What do you mean by DRM? Watermarking? Password entry only? What?

(3) just about all companies will half-donkey it; they will take the most simplistic method of creating, say, a "digital magazine", and ignore almost all of the benefits of it actually being digital (such as using layers for PDF backgrounds/borders; allowing multiple languages; allowing easy printing...sections of the "pdf", color choices for fonts, etc; embedding links, sounds, video, interactive forms, etc.). In short, they basically just try and make a "dead tree" book that you can see on your screen.

And, are you willing to pay for an interactive, 300 (ish) page digital book every month (after all, if you made Dungeon and Dragon the same size as a novel, that's the word count you're talking about)? And, note, everything that was in Dungeon and Dragon was indexed and searchable through the DDI. If you wanted to find the stat block for some creature on page 37 of Issue 303 of Dungeon, it was a click away.

But, you want all this for less than 7 bucks a month?

(4) advertising; If I'm paying a monthly fee for access to a digital "DragonMag", that fee should cover the cost of making the product. That means that ALL advertising should be either removed completely, or put in the very 'back' of the magazine...where I can easily ignore it all or peruse at my leisure when I'm looking for something to buy. Doesn't bother me as much in dead-tree format...but when I want to print off a 9-page article from a digital magazine, and 25% of that is advertisements it just really grinds my gears! It's wasting paper, wasting space, wasting time and wasting my printer ink...on things I'm not going to likely ever buy.

What advertising did DDI have? I'm looking at my downloaded pdf's from when I had a subscription and I'm not seeing any.
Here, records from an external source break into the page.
(* Let $\Sigma$ be a set and let $1\le p<\infty$. Suppose $s$ is a sane scoring function on $\Sigma$ such that the distance $d$ on $\Sigma$ defined by $d(a,b)=(s(a,a)-s(a,b))^{1/p}$ is a quasi-metric on $\Sigma$, and suppose $\gamma,\delta\in\Gamma_{\mathrm{CL}}(\Sigma)$ satisfy, for all $a,b\in\Sigma$, \[\gamma(b)-\gamma(a)\le d^p(a,b)\quad\text{and}\quad s(a,a)+\delta(a)-s(b,b)-\delta(b)\le d^p(a,b).\] Let $S$ be the global similarity with respect to $s$, $\gamma$ and $\delta$, and let $\alpha(x)=\gamma(x)^{1/p}$ and $\beta(x)=(S(x,x)+\delta(x))^{1/p}$ for all $x\in\Sigma^+$. Then the $\ell^p$ edit distance $D$ on $\Sigma^*$ extending $d$, $\alpha$ and $\beta$ is a quasi-metric on $\Sigma^*$, and for all $x,y\in\Sigma^*$, \[D(x,y)=\big(S(x,x)-S(x,y)\big)^{1/p}.\]
   Context: $\Sigma^*$ is the free monoid on $\Sigma$ (finite words, concatenation, empty word $e$), $\Sigma^+=\Sigma^*\setminus\{e\}$; for $w=w_1\cdots w_n$, $|w|=n$, $\bar w_k=w_1\cdots w_k$, $\bar w_0=e$. A quasi-metric on $X$ is a map $q:X\times X\to\mathbb{R}_{\ge0}$ with $q(x,y)=q(y,x)=0\iff x=y$ and $q(x,z)\le q(x,y)+q(y,z)$. A sane scoring function $s:X\times X\to\mathbb{R}$ satisfies $s(x,x)>0$, $s(x,x)\ge s(x,y)$, $s(x,x)\ge s(y,x)$ for all $x,y$. A gap penalty over $\Sigma^+$ is a positive function $\gamma:\Sigma^+\to\mathbb{R}$ with $\gamma(u)+\gamma(v)\ge\gamma(uv)$; $\Gamma(\Sigma)$ is the set of these. $\gamma$ is increasing if $\gamma(uxv)\ge\gamma(uv)$ for all $u,v,x\in\Sigma^*$. $\Gamma_{\mathrm{CL}}(\Sigma)$ (composition-length gap penalties) is the set of increasing $\gamma\in\Gamma(\Sigma)$ of the form $\gamma(z)=\sum_i\phi(z_i)+\psi(|z|)$ for some $\phi:\Sigma\to\mathbb{R}$, $\psi:\mathbb{N}\to\mathbb{R}$. Global similarity: $S(e,e)=0$, $S(e,\bar y_j)=-\gamma(\bar y_j)$, $S(\bar x_i,e)=-\delta(\bar x_i)$, and for $i,j\ge1$ \[S(\bar x_i,\bar y_j)=\max\Big\{S(\bar x_{i-1},\bar y_{j-1})+s(x_i,y_j),\ \max_{1\le k\le j}\{S(\bar x_i,\bar y_{j-k})-\gamma(y_{j-k+1}\cdots y_j)\},\ \max_{1\le k\le i}\{S(\bar x_{i-k},\bar y_j)-\delta(x_{i-k+1}\cdots x_i)\}\Big\},\] $S(x,y)=S(\bar x_{|x|},\bar y_{|y|})$. $\ell^p$ edit distance extending $d$, $\alpha$, $\beta$ (with $\alpha^p,\beta^p\in\Gamma(\Sigma)$): $D(e,e)=0$, $D(e,\bar y_j)=\alpha(\bar y_j)$, $D(\bar x_i,e)=\beta(\bar x_i)$, and for $i,j\ge1$ \[D(\bar x_i,\bar y_j)=\Big(\min\Big\{D^p(\bar x_{i-1},\bar y_{j-1})+d^p(x_i,y_j),\ \min_{1\le k\le j}\{D^p(\bar x_i,\bar y_{j-k})+\alpha^p(y_{j-k+1}\cdots y_j)\},\ \min_{1\le k\le i}\{D^p(\bar x_{i-k},\bar y_j)+\beta^p(x_{i-k+1}\cdots x_i)\}\Big\}\Big)^{1/p},\] $D(x,y)=D(\bar x_{|x|},\bar y_{|y|})$. *)

From mathcomp Require Import all_boot all_order all_algebra.
From mathcomp Require Import reals exp.
Set Implicit Arguments. Unset Strict Implicit. Unset Printing Implicit Defensive.
Import Order.TTheory GRing.Theory Num.Theory.
Local Open Scope ring_scope.

Section Defs.
Variable R : realType.

Definition is_quasimetric (X : Type) (q : X -> X -> R) : Prop :=
  [/\ (forall x y, 0 <= q x y),
      (forall x y, (q x y = 0 /\ q y x = 0) <-> x = y) &
      (forall x y z, q x z <= q x y + q y z)].

Definition sane (T : Type) (s : T -> T -> R) : Prop :=
  forall x y, [/\ 0 < s x x, s x y <= s x x & s y x <= s x x].

(* gap penalties over Sigma^+ (functions on words; the value at the empty
   word is irrelevant) *)
Definition gap_penalty (T : Type) (g : seq T -> R) : Prop :=
  (forall u : seq T, u <> [::] -> 0 < g u) /\
  (forall u v : seq T, u <> [::] -> v <> [::] -> g (u ++ v) <= g u + g v).

Definition increasing_gap (T : Type) (g : seq T -> R) : Prop :=
  forall u x v : seq T, u ++ v <> [::] -> g (u ++ v) <= g (u ++ x ++ v).

Definition gap_CL (T : Type) (g : seq T -> R) : Prop :=
  [/\ gap_penalty g, increasing_gap g &
      exists (phi : T -> R) (psi : nat -> R),
        forall z : seq T, z <> [::] -> g z = \sum_(a <- z) phi a + psi (size z)].

Fixpoint splitlast (T : Type) (s : seq T) : option (seq T * T) :=
  match s with
  | [::] => None
  | a :: s' => match splitlast s' with
               | None => Some ([::], a)
               | Some (u, b) => Some (a :: u, b)
               end
  end.

Definition maxl (a : R) (l : seq R) := foldr Num.max a l.
Definition minl (a : R) (l : seq R) := foldr Num.min a l.

Fixpoint Sfuel (T : Type) (s : T -> T -> R) (g d : seq T -> R) (n : nat)
    (x y : seq T) : R :=
  match n with
  | 0%N => 0
  | n'.+1 =>
    match splitlast x, splitlast y with
    | None, None => 0
    | None, Some _ => - g y
    | Some _, None => - d x
    | Some (x', a), Some (y', b) =>
      maxl (Sfuel s g d n' x' y' + s a b)
        ([seq Sfuel s g d n' x (take m y) - g (drop m y) | m <- iota 0 (size y)] ++
         [seq Sfuel s g d n' (take m x) y - d (drop m x) | m <- iota 0 (size x)])
    end
  end.

Definition globalS (T : Type) (s : T -> T -> R) (g d : seq T -> R)
  (x y : seq T) : R := Sfuel s g d (size x + size y) x y.

Fixpoint Dfuel (T : Type) (p : R) (dist : T -> T -> R) (al be : seq T -> R)
    (n : nat) (x y : seq T) : R :=
  match n with
  | 0%N => 0
  | n'.+1 =>
    match splitlast x, splitlast y with
    | None, None => 0
    | None, Some _ => al y
    | Some _, None => be x
    | Some (x', a), Some (y', b) =>
      powR (minl (powR (Dfuel p dist al be n' x' y') p + powR (dist a b) p)
        ([seq powR (Dfuel p dist al be n' x (take m y)) p
              + powR (al (drop m y)) p | m <- iota 0 (size y)] ++
         [seq powR (Dfuel p dist al be n' (take m x) y) p
              + powR (be (drop m x)) p | m <- iota 0 (size x)])) p^-1
    end
  end.

Definition lp_edit (T : Type) (p : R) (dist : T -> T -> R) (al be : seq T -> R)
  (x y : seq T) : R := Dfuel p dist al be (size x + size y) x y.

End Defs.

From mathcomp Require Import all_boot all_order all_algebra.
From mathcomp Require Import reals exp.
From mathcomp Require Import classical_sets convex hoelder.
From mathcomp Require Import ring lra zify.
From Stdlib Require Import Permutation.
Import Order.TTheory GRing.Theory Num.Theory.
Local Open Scope ring_scope.
Set Implicit Arguments. Unset Strict Implicit.

(* [S x x - S x y] is the least cost of an alignment of [x] with [y] in which a
   match of [a] with [b] costs [d(a,b)^p] and each gap region between two matches
   pays [beta^p] on its deleted letters and [gamma] on its inserted ones; [D] is the
   p-th root of this cost.  A cost-zero alignment has no gaps and only matches at
   d-distance zero, which gives separation.  For the triangle inequality, compose
   optimal alignments of [x] with [y] and of [y] with [z]: where a letter of [y] is
   matched on both sides, convexity of [t ^ p] gives
   [d(a,c)^p <= A d(a,b)^p + B d(b,c)^p] with weights [A, B >= 1] chosen from
   [u = D(x,y)] and [v = D(y,z)]; elsewhere the penalties, which only depend on the
   multiset of letters, absorb the matched letters thanks to the two hypotheses on
   [gamma] and [delta].  Hence [D(x,z)^p <= A u^p + B v^p = (u + v)^p]. *)

Section powR_facts.
Variable R : realType.
Implicit Types p u v w a b e : R.

Lemma powRVK p e : 0 < p -> 0 <= e -> powR (powR e p^-1) p = e.
Proof. by move=> p0 e0; rewrite -powRrM mulVf ?gt_eqF // powRr1. Qed.

Lemma powRKV p e : 0 < p -> 0 <= e -> powR (powR e p) p^-1 = e.
Proof. by move=> p0 e0; rewrite -powRrM mulfV ?gt_eqF // powRr1. Qed.

Lemma powR0V p : 0 < p -> powR 0 p^-1 = 0 :> R.
Proof. by move=> p0; rewrite powR0 // invr_eq0 gt_eqF. Qed.

Lemma powR_pred p w : 0 < w -> powR w p = powR w (p - 1) * w.
Proof.
move=> w0; have := @powRD _ w (p - 1) 1; rewrite subrK powRr1 ?ltW // => -> //.
by rewrite (gt_eqF w0) implybT.
Qed.

(* Jensen for [powR ^~ p] at [a + b = t (a / t) + (1 - t) (b / (1 - t))],
   with [t = u / (u + v)]. *)
Lemma powR_addr_le p u v a b : 1 <= p -> 0 < u -> 0 < v -> 0 <= a -> 0 <= b ->
  powR (a + b) p <=
  powR ((u + v) / u) (p - 1) * powR a p + powR ((u + v) / v) (p - 1) * powR b p.
Proof.
move=> p1 u0 v0 a0 b0.
have uv0 : 0 < u + v by rewrite addr_gt0.
have t0 : 0 <= u / (u + v) by rewrite divr_ge0 // ltW.
have t1 : u / (u + v) <= 1 by rewrite ler_pdivrMr // mul1r lerDl ltW.
have onem_t : 1 - u / (u + v) = v / (u + v) by field; rewrite lt0r_neq0.
have J := convex_powR p1 (interval_inference.Itv01 t0 t1)
  (x := a * ((u + v) / u)) (y := b * ((u + v) / v)).
have /J {}J : a * ((u + v) / u) \in `[0, +oo[%classic.
  by rewrite inE /= in_itv /= andbT mulr_ge0 // divr_ge0 // ltW.
have /J {}J : b * ((u + v) / v) \in `[0, +oo[%classic.
  by rewrite inE /= in_itv /= andbT mulr_ge0 // divr_ge0 // ltW.
move: J; rewrite [X in powR X _]convRE convRE /= /unstable.onem onem_t.
have -> : u / (u + v) * (a * ((u + v) / u)) + v / (u + v) * (b * ((u + v) / v))
          = a + b by field; rewrite !lt0r_neq0.
have scale w c : 0 < w -> 0 <= c -> w^-1 * powR (c * w) p = powR w (p - 1) * powR c p.
  by move=> w0 c0; rewrite (powRM _ c0 (ltW w0)) (powR_pred p w0); field; rewrite gt_eqF.
move=> /le_trans; apply.
by rewrite -[u / _]invf_div -[v / _]invf_div !scale // divr_gt0.
Qed.

Lemma powR_ratio_ge1 p u v : 1 <= p -> 0 < u -> 0 <= v -> 1 <= powR ((u + v) / u) (p - 1).
Proof.
move=> p1 u0 v0; rewrite -[leLHS](powRr0 ((u + v) / u)); apply: ler_powR; last by lra.
by rewrite ler_pdivlMr // mul1r lerDl.
Qed.

Lemma powR_ratio_sum p u v : 0 < u -> 0 < v ->
  powR ((u + v) / u) (p - 1) * powR u p + powR ((u + v) / v) (p - 1) * powR v p
  = powR (u + v) p.
Proof.
move=> u0 v0; have uv0 : 0 < u + v by rewrite addr_gt0.
rewrite (powR_pred p u0) (powR_pred p v0) (powR_pred p uv0) !mulrA.
rewrite -!powRM ?divr_ge0 ?ltW // !divfK ?gt_eqF //.
by rewrite mulrDr.
Qed.

End powR_facts.
Section gap0.
Variables (R : realType) (T : Type).
Implicit Types (g : seq T -> R) (u v w r : seq T).

Definition gap0 g w : R := if w is [::] then 0 else g w.

Lemma gap0_neq_nil g w : w <> [::] -> gap0 g w = g w.
Proof. by case: w. Qed.

Lemma gap0_ge0 g w : gap_penalty g -> 0 <= gap0 g w.
Proof. by case=> g0 _; case: w => // a w; apply/ltW/g0. Qed.

Lemma gap0_le0 g w : gap_penalty g -> gap0 g w <= 0 -> w = [::].
Proof. by case=> g0 _; case: w => // a w /=; rewrite leNgt g0. Qed.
So, if a "digital only" was available...it's have to go down in price after the first few issues (pipeline set up costs get covered), have no DRM, allow me to do what I want with it (disable background/boarder, print selections, etc.), have fully searchable text with fully hyperlinked ToC/Index, and have no advertising (or all advertising in "back"). In other words...not gonna happen. :(

^_^

Paul L. Ming

Yes, because what you want is completely unrealistic and no one could ever make a cent trying to cater to you. Actually, that's not true. WOTC gave you a no DRM, fully searchable magazine with no advertising, but, true, you couldn't disable the backgrounds and it didn't go down in price after the first few issues.